[Stored items from a collection]
(* Let $q\in\mathbb{C}$ with $q\neq 0,1$ and $q$ not a root of unity. Let $(L,\sigma,\theta^{*})$ be a (commutative) qsi field extension of $\mathbb{C}$. If a matrix $Y=(y_{ij})\in \mathrm{M}_2(L)$ satisfies \[ \sigma Y=\begin{bmatrix} q&0\\0&1\end{bmatrix}Y \quad\text{and}\quad \theta^{(1)}Y=\begin{bmatrix}0&1\\0&0\end{bmatrix}Y \] (with $\sigma,\theta^{(1)}$ applied entrywise), then $\det Y=0$.
   Context: Fix $q\in\mathbb{C}$, $q\neq0,1$, not a root of unity; put $[m]_q=1+q+\dots+q^{m-1}$ and $[m]_q!=[1]_q[2]_q\cdots[m]_q$. A qsi (q-SI $\sigma$-differential) algebra over $\mathbb{C}$ is a triple $(A,\sigma,\theta^{*})$ where $A$ is a $\mathbb{C}$-algebra, $\sigma:A\to A$ is a $\mathbb{C}$-algebra automorphism, $\theta^{*}=\{\theta^{(m)}\}_{m\in\mathbb{N}}$ is a family of $\mathbb{C}$-linear maps $A\to A$ with $\theta^{(0)}=\mathrm{Id}_A$, $\theta^{(m)}=\frac{1}{[m]_q!}(\theta^{(1)})^m$, and $\theta^{(1)}$ satisfies the twisted Leibniz rule $\theta^{(1)}(ab)=\theta^{(1)}(a)\,b+\sigma(a)\,\theta^{(1)}(b)$ and $\theta^{(1)}\circ\sigma=q\,\sigma\circ\theta^{(1)}$, with $\sigma$ and $\theta^{(1)}$ acting on $\mathbb{C}$ as the identity and zero respectively. A qsi field is a qsi algebra whose underlying ring is a commutative field. The model example is $\mathbb{C}(t)$ with $\sigma(f)(t)=f(qt)$ and $\theta^{(1)}f=\frac{f(qt)-f(t)}{(q-1)t}$. *)

From HB Require Import structures.
From mathcomp Require Import all_boot all_order all_algebra.
Set Implicit Arguments. Unset Strict Implicit. Unset Printing Implicit Defensive.
Import Order.TTheory GRing.Theory Num.Theory.
Local Open Scope ring_scope.

Definition qint (C : nzRingType) (q : C) (m : nat) : C := \sum_(i < m) q ^+ i.
Definition qfact (C : nzRingType) (q : C) (m : nat) : C :=
  \prod_(1 <= k < m.+1) qint q k.

(* (L, sigma, thetas) is a qsi field over C, where L is a (commutative) field
   made into a C-algebra via the ring morphism iota : C -> L.
   thetas m is theta^(m); thetas 1 is theta^(1). *)
Definition qsi_field (C : fieldType) (q : C) (L : fieldType)
    (iota : {rmorphism C -> L}) (sigma : L -> L) (thetas : nat -> L -> L) : Prop :=
  [/\ (forall a b, sigma (a + b) = sigma a + sigma b),
      (forall a b, sigma (a * b) = sigma a * sigma b),
      sigma 1 = 1,
      bijective sigma &
      (forall c, sigma (iota c) = iota c)] /\
  (forall m a b, thetas m (a + b) = thetas m a + thetas m b) /\
  (forall m c a, thetas m (iota c * a) = iota c * thetas m a) /\
  (forall a, thetas 0%N a = a) /\
  (forall m a, thetas m a = (iota (qfact q m))^-1 * iter m (thetas 1%N) a) /\
  (forall a b, thetas 1%N (a * b) = thetas 1%N a * b + sigma a * thetas 1%N b) /\
  (forall a, thetas 1%N (sigma a) = iota q * sigma (thetas 1%N a)) /\
  (forall c, thetas 1%N (iota c) = 0).

From HB Require Import structures.
From mathcomp Require Import all_boot all_order all_algebra.
From mathcomp Require Import ring.
Import Order.TTheory GRing.Theory Num.Theory.
Local Open Scope ring_scope.

(* Write the first row of Y as (a, b) and the second as (a', b').
   The two matrix equations say, on the first row, that sigma a = q a,
   sigma b = q b, theta a = a' and theta b = b'.  In a commutative ring a
   sigma-derivation theta must give the same value on a * b and on b * a;
   expanding both with the twisted Leibniz rule yields
       a' b + q a b' = b' a + q b a',   i.e.   (q - 1) (a b' - b a') = 0.
   Since a b' - b a' = det Y and q != 1, the determinant vanishes. *)

Section SigmaDerivation.

Variables (R : comNzRingType) (sigma theta : R -> R).
Hypothesis theta_leibniz :
  forall a b, theta (a * b) = theta a * b + sigma a * theta b.

Lemma sigma_derivation_swap (a b : R) :
  theta a * b + sigma a * theta b = theta b * a + sigma b * theta a.
Proof. by rewrite -!theta_leibniz mulrC. Qed.

Lemma sigma_eigen_wronskian {c a b : R} :
  sigma a = c * a -> sigma b = c * b ->
  (c - 1) * (a * theta b - b * theta a) = 0.
Proof.
move=> sa sb; have := sigma_derivation_swap a b; rewrite sa sb => swap.
suff -> : (c - 1) * (a * theta b - b * theta a) =
    (theta a * b + c * a * theta b) - (theta b * a + c * b * theta a).
  by rewrite swap subrr.
by ring.
Qed.

End SigmaDerivation.

Arguments sigma_eigen_wronskian {R sigma theta} theta_leibniz {c a b}.

Lemma det_mx22 (R : comNzRingType) (M : 'M[R]_2) :
  \det M = M 0 0 * M 1 1 - M 0 1 * M 1 0.
Proof.
rewrite (expand_det_row _ 0) !big_ord_recr big_ord0 /= /cofactor !det_mx11 !mxE.
have -> : (widen_ord (leqnSn 1) ord_max : 'I_2) = 0 by apply/val_inj.
have -> : (ord_max : 'I_2) = 1 by apply/val_inj.
have -> : lift (0 : 'I_2) (0 : 'I_1) = 1 by apply/val_inj.
have -> : lift (1 : 'I_2) (0 : 'I_1) = 0 by apply/val_inj.
by rewrite expr0 expr1; ring.
Qed.

Lemma mulmx22_row0 (R : nzRingType) (A Y : 'M[R]_2) (j : 'I_2) :
  (A *m Y) 0 j = A 0 0 * Y 0 j + A 0 1 * Y 1 j.
Proof.
rewrite mxE !big_ord_recr big_ord0 /= add0r.
have -> : (widen_ord (leqnSn 1) ord_max : 'I_2) = 0 by apply/val_inj.
by have -> : (ord_max : 'I_2) = 1 by apply/val_inj.
Qed.

Lemma diag_mulmx_row0 (R : nzRingType) (c : R) (Y : 'M[R]_2) (j : 'I_2) :
  ((\matrix_(i < 2, k < 2)
      (if (i == 0) && (k == 0) then c else if (i == 1) && (k == 1) then 1 else 0))
     *m Y) 0 j = c * Y 0 j.
Proof. by rewrite mulmx22_row0 !mxE /= mul0r addr0. Qed.

Lemma nilp_mulmx_row0 (R : nzRingType) (Y : 'M[R]_2) (j : 'I_2) :
  ((\matrix_(i < 2, k < 2) (if (i == 0) && (k == 1) then 1 else 0 : R)) *m Y) 0 j
  = Y 1 j.
Proof. by rewrite mulmx22_row0 !mxE /= mul0r mul1r add0r. Qed.

Theorem lemma1 (C : numClosedFieldType) (q : C)
  (hq0 : q != 0) (hq1 : q != 1)
  (hqroot : forall n : nat, (0 < n)%N -> ~~ n.-unity_root q)
  (L : fieldType) (iota : {rmorphism C -> L})
  (sigma : L -> L) (thetas : nat -> L -> L)
  (hL : qsi_field q iota sigma thetas)
  (Y : 'M[L]_2)
  (hsigma : map_mx sigma Y =
            (\matrix_(i < 2, j < 2)
               (if (i == 0) && (j == 0) then iota q
                else if (i == 1) && (j == 1) then 1 else 0)) *m Y)
  (htheta : map_mx (thetas 1%N) Y =
            (\matrix_(i < 2, j < 2)
               (if (i == 0) && (j == 1) then 1 else 0 : L)) *m Y) :
  \det Y = 0.
Proof.
case: hL => _ [_ [_ [_ [_ [leibniz _]]]]].
have sigma_row0 j : sigma (Y 0 j) = iota q * Y 0 j.
  by rewrite -diag_mulmx_row0 -hsigma mxE.
have theta_row0 j : thetas 1%N (Y 0 j) = Y 1 j.
  by rewrite -nilp_mulmx_row0 -htheta mxE.
have := sigma_eigen_wronskian leibniz (sigma_row0 0) (sigma_row0 1).
rewrite !theta_row0 det_mx22 => /eqP.
by rewrite mulf_eq0 subr_eq0 fmorph_eq1 (negbTE hq1) => /eqP.
Qed.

EXERCISE: There is a line with "rewrite mxE !big_ord_recr big_ord0 /= add0r." and a line with "else if (i == 1) && (j" above. Copy exactly those two lines and all lines between them, with nothing else.

ANSWER:
rewrite mxE !big_ord_recr big_ord0 /= add0r.
have -> : (widen_ord (leqnSn 1) ord_max : 'I_2) = 0 by apply/val_inj.
by have -> : (ord_max : 'I_2) = 1 by apply/val_inj.
Qed.

Lemma diag_mulmx_row0 (R : nzRingType) (c : R) (Y : 'M[R]_2) (j : 'I_2) :
  ((\matrix_(i < 2, k < 2)
      (if (i == 0) && (k == 0) then c else if (i == 1) && (k == 1) then 1 else 0))
     *m Y) 0 j = c * Y 0 j.
Proof. by rewrite mulmx22_row0 !mxE /= mul0r addr0. Qed.

Lemma nilp_mulmx_row0 (R : nzRingType) (Y : 'M[R]_2) (j : 'I_2) :
  ((\matrix_(i < 2, k < 2) (if (i == 0) && (k == 1) then 1 else 0 : R)) *m Y) 0 j
  = Y 1 j.
Proof. by rewrite mulmx22_row0 !mxE /= mul0r mul1r add0r. Qed.

Theorem lemma1 (C : numClosedFieldType) (q : C)
  (hq0 : q != 0) (hq1 : q != 1)
  (hqroot : forall n : nat, (0 < n)%N -> ~~ n.-unity_root q)
  (L : fieldType) (iota : {rmorphism C -> L})
  (sigma : L -> L) (thetas : nat -> L -> L)
  (hL : qsi_field q iota sigma thetas)
  (Y : 'M[L]_2)
  (hsigma : map_mx sigma Y =
            (\matrix_(i < 2, j < 2)
               (if (i == 0) && (j == 0) then iota q
                else if (i == 1) && (j == 1) then 1 else 0)) *m Y)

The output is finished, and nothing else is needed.